┌─ PROVIDED RECORDS

(* Put t = 1/lam, G = T^T T and g(x) = T^T y - G x.  The lasso minimizer for lam
   is characterised by the KKT conditions  |g(x)_j| <= t  and  g(x)_j x_j = t |x_j|
   (necessity by one-coordinate perturbations, sufficiency and uniqueness by
   expanding the quadratic and using that T is injective).  Writing sol t for the
   minimizer with parameter 1/t, the theorem says that sol t dominates sol s
   for t <= s: every coordinate keeps its sign and shrinks in absolute value.

   Let a be the KKT point for t, with support J, let M_J be the inverse Gram
   matrix of the columns J padded by zeros, and d = M_J sgn(a).  Then
   a - (r - t) d is the KKT point for r as long as no coordinate has changed
   sign: on J this is linear algebra, outside J it needs |(G d)_k| <= 1, which
   follows from the diagonal dominance of M_(J u {k}) (the positive cone
   condition).  The same dominance gives sgn(a_i) d_i >= 0, so coordinates
   shrink along the segment.  If a coordinate reaches 0 before s we stop at the
   first such r, where the support is strictly smaller, and conclude by
   induction on the size of the support. *)

Lemma dotE (R : pzRingType) k (u v : 'cV[R]_k) : (u^T *m v) 0 0 = \sum_i u i 0 * v i 0.
Proof. by rewrite !mxE; apply: eq_bigr => i _; rewrite mxE. Qed.

Lemma sqnorm_eq0 (R : realDomainType) k (v : 'cV[R]_k) : \sum_i v i 0 ^+ 2 = 0 -> v = 0.
Proof.
move=> v0; apply/matrixP => i j; rewrite ord1 [RHS]mxE.
have := psumr_eq0P (fun i _ => sqr_ge0 (v i 0)) v0.
by move=> /(_ i isT) /eqP; rewrite sqrf_eq0 => /eqP.
Qed.

Section RealFacts.
Variable R : realFieldType.

Lemma normr_sg_le1 (x : R) : `|Num.sg x| <= 1.
Proof. by rewrite normr_sg; case: (x != 0). Qed.

Lemma normr_sg1 (x : R) : x != 0 -> `|Num.sg x| = 1.
Proof. by move=> x0; rewrite normr_sg x0. Qed.

Lemma sg_sqr1 (x : R) : x != 0 -> Num.sg x * Num.sg x = 1.
Proof. by move=> x0; rewrite -expr2 sqr_sg x0. Qed.

(* A quantity bounded by arbitrarily small multiples of C >= 0 is nonpositive;
   this is how first-order conditions are extracted from perturbations. *)
Lemma le0_of_small_multiples (a C : R) :
  0 <= C -> (forall e, 0 < e -> e < 1 -> a <= e * C) -> a <= 0.
Proof.
move=> C0 small; rewrite leNgt; apply/negP => a0.
have D0 : 0 < C + a + 1 by lra.
have e0 : 0 < a / (C + a + 1) by rewrite divr_gt0.
have e1 : a / (C + a + 1) < 1 by rewrite ltr_pdivrMr // mul1r; lra.
have := small _ e0 e1; rewrite mulrAC ler_pdivlMr //.
nra.
Qed.

Lemma same_sign_trans (a b c : R) :
  0 <= a * b -> 0 <= b * c -> `|c| <= `|b| -> 0 <= a * c.
Proof.
move=> ab bc cb; have [b0|b0] := eqVneq b 0.
  by move: cb; rewrite b0 normr0 normr_le0 => /eqP ->; rewrite mulr0.
have b2 : 0 < b ^+ 2 by rewrite exprn_even_gt0.
have : 0 <= (a * b) * (b * c) by apply: mulr_ge0.
have -> : a * b * (b * c) = (a * c) * b ^+ 2 by ring.
by rewrite pmulr_lge0.
Qed.

End RealFacts.

Section Embedding.
Variables (R : pzRingType) (n : nat).

Definition embed (J : {set 'I_n}) : 'M[R]_(n, #|J|) :=
  \matrix_(i, k) (i == enum_val k)%:R.

Lemma embed_orth J : (embed J)^T *m embed J = 1%:M.
Proof.
apply/matrixP => p q; rewrite !mxE (bigD1 (enum_val p)) //= big1 ?addr0.
  by rewrite !mxE eqxx mul1r (inj_eq enum_val_inj) eq_sym.
by move=> j /negbTE jp; rewrite !mxE jp mul0r.
Qed.

Lemma embed_tr_entry J (v : 'cV[R]_n) k : ((embed J)^T *m v) k 0 = v (enum_val k) 0.
Proof.
rewrite mxE (bigD1 (enum_val k)) //= big1 ?addr0; first by rewrite !mxE eqxx mul1r.
by move=> j /negbTE jk; rewrite !mxE jk mul0r.
Qed.

Lemma embed_restrict (J : {set 'I_n}) (z : 'cV[R]_n) :
  (forall i, i \notin J -> z i 0 = 0) -> embed J *m ((embed J)^T *m z) = z.
Proof.
move=> zJ; apply/matrixP => i k; rewrite ord1 mxE.
have [iJ|niJ] := boolP (i \in J).
  rewrite (bigD1 (enum_rank_in iJ i)) //= big1 ?addr0.
    by rewrite embed_tr_entry enum_rankK_in // mxE enum_rankK_in // eqxx mul1r.
  move=> p pi; rewrite mxE; case: eqP => [ip|]; last by rewrite mul0r.
  by move: pi; rewrite -(inj_eq enum_val_inj) enum_rankK_in // -ip eqxx.
rewrite zJ // big1 // => p _; rewrite mxE; case: eqP => [ip|]; last by rewrite mul0r.
by move: niJ; rewrite ip enum_valP.
Qed.

End Embedding.

Arguments embed {R n} J.

Section Lasso.
Variables (R : realType) (m n : nat) (T : 'M[R]_(m, n)) (y : 'cV[R]_m).

Definition gram : 'M[R]_n := T^T *m T.

(* The correlation of the residual with the columns, g(x) = T^T (y - T x);
   it is minus the gradient of the quadratic part (divided by lam). *)
Definition corr (x : 'cV[R]_n) : 'cV[R]_n := T^T *m y - gram *m x.

Definition col_sqnorm (j : 'I_n) : R := \sum_i T i j ^+ 2.

Lemma col_sqnorm_ge0 j : 0 <= col_sqnorm j.
Proof. by apply: sumr_ge0 => i _; apply: sqr_ge0. Qed.

Lemma cross_term (x z : 'cV[R]_n) :
  \sum_i (T *m x - y) i 0 * (T *m z) i 0 = - \sum_j corr x j 0 * z j 0.
Proof.
rewrite -[LHS]dotE mulmxA.
have -> : (T *m x - y)^T *m T = (T^T *m (T *m x - y))^T by rewrite trmx_mul trmxK.
rewrite dotE -sumrN; apply: eq_bigr => j _.
rewrite /corr /gram mulmxBr mulmxA !mxE; ring.
Qed.

Lemma obj_expand lam (x z : 'cV[R]_n) :
  lasso_obj T y lam (x + z) = lasso_obj T y lam x - lam * (\sum_j corr x j 0 * z j 0)
   + lam / 2 * (\sum_i ((T *m z) i 0) ^+ 2) + \sum_j (`|x j 0 + z j 0| - `|x j 0|).
Proof.
rewrite /lasso_obj.
have -> : \sum_i ((T *m (x + z) - y) i 0) ^+ 2 =
   \sum_i ((T *m x - y) i 0) ^+ 2 + 2 * (\sum_i (T *m x - y) i 0 * (T *m z) i 0)
   + \sum_i ((T *m z) i 0) ^+ 2.
  by rewrite mulr_sumr -!big_split /=; apply: eq_bigr => i _; rewrite mulmxDr !mxE; ring.
have -> : \sum_j `|(x + z) j 0| = \sum_j `|x j 0| + \sum_j (`|x j 0 + z j 0| - `|x j 0|).
  by rewrite -big_split /=; apply: eq_bigr => j _; rewrite mxE; ring.
by rewrite cross_term; field.
Qed.

Lemma coord_variation lam (x : 'cV[R]_n) j : is_lasso_minimizer T y lam x ->
  forall h, 0 <= - lam * (h * corr x j 0) + lam / 2 * (h ^+ 2 * col_sqnorm j)
                 + (`|x j 0 + h| - `|x j 0|).
Proof.
move=> xmin h; pose e : 'cV[R]_n := delta_mx j 0.
have := xmin (x + h *: e); rewrite obj_expand.
have -> : \sum_k corr x k 0 * (h *: e) k 0 = h * corr x j 0.
  rewrite (bigD1 j) //= big1 ?addr0 => [|k /negbTE kj]; last by rewrite !mxE kj !mulr0.
  by rewrite !mxE !eqxx mulr1 mulrC.
have -> : \sum_i ((T *m (h *: e)) i 0) ^+ 2 = h ^+ 2 * col_sqnorm j.
  rewrite mulr_sumr; apply: eq_bigr => i _.
  by rewrite -scalemxAr -colE !mxE; ring.
have -> : \sum_k (`|x k 0 + (h *: e) k 0| - `|x k 0|) = `|x j 0 + h| - `|x j 0|.
  rewrite (bigD1 j) //= big1 ?addr0; first by rewrite !mxE !eqxx mulr1.
  by move=> k /negbTE kj; rewrite !mxE kj mulr0 addr0 subrr.
lra.
Qed.

Definition kkt (t : R) (x : 'cV[R]_n) : Prop :=
  forall j, `|corr x j 0| <= t /\ corr x j 0 * x j 0 = t * `|x j 0|.

Lemma minimizer_corr_bound lam (x : 'cV[R]_n) j : 0 < lam ->
  is_lasso_minimizer T y lam x -> lam * `|corr x j 0| <= 1.
Proof.
move=> lam0 xmin; set g := corr x j 0; set C := col_sqnorm j.
have C0 : 0 <= C := col_sqnorm_ge0 j.
rewrite -subr_le0; apply: (@le0_of_small_multiples _ _ (lam / 2 * C)).
  by rewrite mulr_ge0 // divr_ge0 // ltW.
move=> e e0 e1; have := coord_variation j xmin (e * Num.sg g).
have dnorm : `|x j 0 + e * Num.sg g| - `|x j 0| <= e.
  have := ler_normD (x j 0) (e * Num.sg g); rewrite normrM gtr0_norm //.
  have := normr_sg_le1 g; nra.
have dsq : (e * Num.sg g) ^+ 2 <= e ^+ 2.
  by rewrite exprMn sqr_sg; case: (g != 0); rewrite ?mulr1 ?mulr0 ?sqr_ge0.
have dquad : lam / 2 * ((e * Num.sg g) ^+ 2 * C) <= lam / 2 * (e ^+ 2 * C).
  by apply: ler_wpM2l; [rewrite divr_ge0 ?ltW | apply: ler_wpM2r].
rewrite -[e * Num.sg g * g]mulrA -normrEsg -/C => var.
have : 0 <= e * (- lam * `|g| + lam / 2 * e * C + 1).
  have -> : e * (- lam * `|g| + lam / 2 * e * C + 1) =
    - lam * (e * `|g|) + lam / 2 * (e ^+ 2 * C) + e by ring.
  lra.
by rewrite pmulr_rge0 // => pos; nra.
Qed.

(* Second half: on the support, the correlation is at least |x_j| / lam in the
   direction of x_j (shrinking x_j towards 0 must not pay off). *)
Lemma minimizer_corr_support lam (x : 'cV[R]_n) j : 0 < lam ->
  is_lasso_minimizer T y lam x -> `|x j 0| <= lam * (corr x j 0 * x j 0).
Proof.
move=> lam0 xmin; set g := corr x j 0; set C := col_sqnorm j.
have C0 : 0 <= C := col_sqnorm_ge0 j.
rewrite -subr_le0; apply: (@le0_of_small_multiples _ _ (lam / 2 * (x j 0 ^+ 2 * C))).
  by apply: mulr_ge0; [rewrite divr_ge0 ?ltW | rewrite mulr_ge0 ?sqr_ge0].
move=> e e0 e1; have := coord_variation j xmin (- (e * x j 0)).
have -> : `|x j 0 + - (e * x j 0)| = (1 - e) * `|x j 0|.
  by rewrite -{1}[x j 0]mul1r -mulrBl normrM ger0_norm // subr_ge0 ltW.
rewrite -/C => var.
have : 0 <= e * (lam * (g * x j 0) + lam / 2 * e * (x j 0 ^+ 2 * C) - `|x j 0|).
  have -> : e * (lam * (g * x j 0) + lam / 2 * e * (x j 0 ^+ 2 * C) - `|x j 0|) =
     - lam * (- (e * x j 0) * g) + lam / 2 * ((- (e * x j 0)) ^+ 2 * C)
     + ((1 - e) * `|x j 0| - `|x j 0|) by ring.
  exact: var.
by rewrite pmulr_rge0 // => pos; nra.
Qed.

Lemma minimizer_kkt lam (x : 'cV[R]_n) : 0 < lam -> is_lasso_minimizer T y lam x ->
  kkt lam^-1 x.
Proof.
move=> lam0 xmin j; set g := corr x j 0.
have bound := minimizer_corr_bound j lam0 xmin.
have active := minimizer_corr_support j lam0 xmin.
split; first by rewrite -[X in _ <= X]mul1r ler_pdivlMr // mulrC.
have upper : lam * (g * x j 0) <= `|x j 0|.
  have : lam * (g * x j 0) <= (lam * `|g|) * `|x j 0|.
    by rewrite -mulrA ler_pM2l // -normrM ler_norm.
  have : (lam * `|g|) * `|x j 0| <= `|x j 0| by apply: ler_piMl.
  lra.
have E : lam * (g * x j 0) = `|x j 0| by apply/eqP; rewrite eq_le active upper.
by rewrite -E mulrA mulVf ?mul1r // gt_eqF.
Qed.

Hypothesis T_inj : injective (@mulmx R m n 1 T).

(* Conversely, a KKT point for t is a minimizer for 1/t; together with
   injectivity of T this makes every minimizer equal to it. *)
Lemma kkt_minimizer_unique t (c x : 'cV[R]_n) : 0 < t -> kkt t c ->
  is_lasso_minimizer T y t^-1 x -> x = c.
Proof.
move=> t0 ckkt xmin.
have lam0 : 0 < t^-1 by rewrite invr_gt0.
have := xmin c; rewrite -[x](addrNK c) addrC obj_expand.
set z := x - c.
have l1_gain : 0 <= \sum_j (`|c j 0 + z j 0| - `|c j 0|)
                    - t^-1 * \sum_j corr c j 0 * z j 0.
  rewrite mulr_sumr -sumrB; apply: sumr_ge0 => j _.
  have [gb gc] := ckkt j; set u := t^-1 * corr c j 0.
  have u1 : `|u| <= 1 by rewrite normrM gtr0_norm // ler_pdivrMl // mulr1.
  have uc : u * c j 0 = `|c j 0| by rewrite /u -mulrA gc mulrA mulVf ?mul1r // gt_eqF.
  have : u * (c j 0 + z j 0) <= `|c j 0 + z j 0|.
    by apply: le_trans (ler_norm _) _; rewrite normrM; apply: ler_piMl.
  rewrite mulrDr uc /u; lra.
have q0 : 0 <= \sum_i ((T *m z) i 0) ^+ 2 by apply: sumr_ge0 => i _; apply: sqr_ge0.
move=> cmin.
have qz : \sum_i ((T *m z) i 0) ^+ 2 = 0.
  apply/eqP; rewrite eq_le q0 andbT.
  have : t^-1 / 2 * \sum_i ((T *m z) i 0) ^+ 2 <= 0 by lra.
  by rewrite pmulr_rle0 // divr_gt0.
have Tz0 : T *m z = T *m 0 by rewrite mulmx0; apply: sqnorm_eq0.
by rewrite (T_inj Tz0) addr0.
Qed.

Lemma col_submx_embed J : col_submx T J = T *m embed J.
Proof.
apply/matrixP => i k; rewrite !mxE (bigD1 (enum_val k)) //= big1 ?addr0.
  by rewrite mxE eqxx mulr1.
by move=> j /negbTE jk; rewrite mxE jk mulr0.
Qed.

Lemma gram_sub_unit J : (col_submx T J)^T *m col_submx T J \in unitmx.
Proof.
rewrite col_submx_embed; set A := T *m embed J.
rewrite unitmxE unitfE; apply/negP => /det0P [v v0 vA].
have Av0 : A *m v^T = 0.
  apply: sqnorm_eq0; under eq_bigr do rewrite expr2.
  by rewrite -dotE trmx_mul trmxK mulmxA -(mulmxA v) vA mul0mx mxE.
have Ev0 : embed J *m v^T = 0 by apply: T_inj; rewrite mulmx0 mulmxA.
have vT0 : v^T = 0 by rewrite -[v^T]mul1mx -embed_orth -mulmxA Ev0 mulmx0.
by move: v0; rewrite -[v]trmxK vT0 trmx0 eqxx.
Qed.

Definition inv_gram_on (J : {set 'I_n}) : 'M[R]_n := embed J *m S_of T J *m (embed J)^T.

Lemma inv_gram_on_entry J i l : inv_gram_on J i l =
  \sum_q (\sum_p (i == enum_val p)%:R * S_of T J p q) * (l == enum_val q)%:R.
Proof.
rewrite !mxE; apply: eq_bigr => q _; rewrite !mxE; congr (_ * _).
by apply: eq_bigr => p _; rewrite mxE.
Qed.

Lemma inv_gram_on_row0 (J : {set 'I_n}) i l : i \notin J -> inv_gram_on J i l = 0.
Proof.
move=> ni; rewrite inv_gram_on_entry big1 // => q _; rewrite big1 ?mul0r // => p _.
by case: eqP => [ip|]; [move: ni; rewrite ip enum_valP | rewrite mul0r].
Qed.

Lemma inv_gram_on_col0 (J : {set 'I_n}) i l : l \notin J -> inv_gram_on J i l = 0.
Proof.
move=> nl; rewrite inv_gram_on_entry big1 // => q _.
by case: eqP => [lq|]; [move: nl; rewrite lq enum_valP | rewrite mulr0].
Qed.

Lemma inv_gram_on_enum J p q : inv_gram_on J (enum_val p) (enum_val q) = S_of T J p q.
Proof.
rewrite inv_gram_on_entry (bigD1 q) //= eqxx mulr1 [X in _ + X]big1 ?addr0.
  rewrite (bigD1 p) //= eqxx mul1r big1 ?addr0 //.
  by move=> p' /negbTE pp; rewrite (inj_eq enum_val_inj) eq_sym pp mul0r.
by move=> q' /negbTE qq; rewrite (inj_eq enum_val_inj) eq_sym qq mulr0.
Qed.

└─

» PROMPT
Go through the listing above and list every line that has the word "perturbations".

» ANSWER SPACE
   (necessity by one-coordinate perturbations, sufficiency and uniqueness by
   this is how first-order conditions are extracted from perturbations. *)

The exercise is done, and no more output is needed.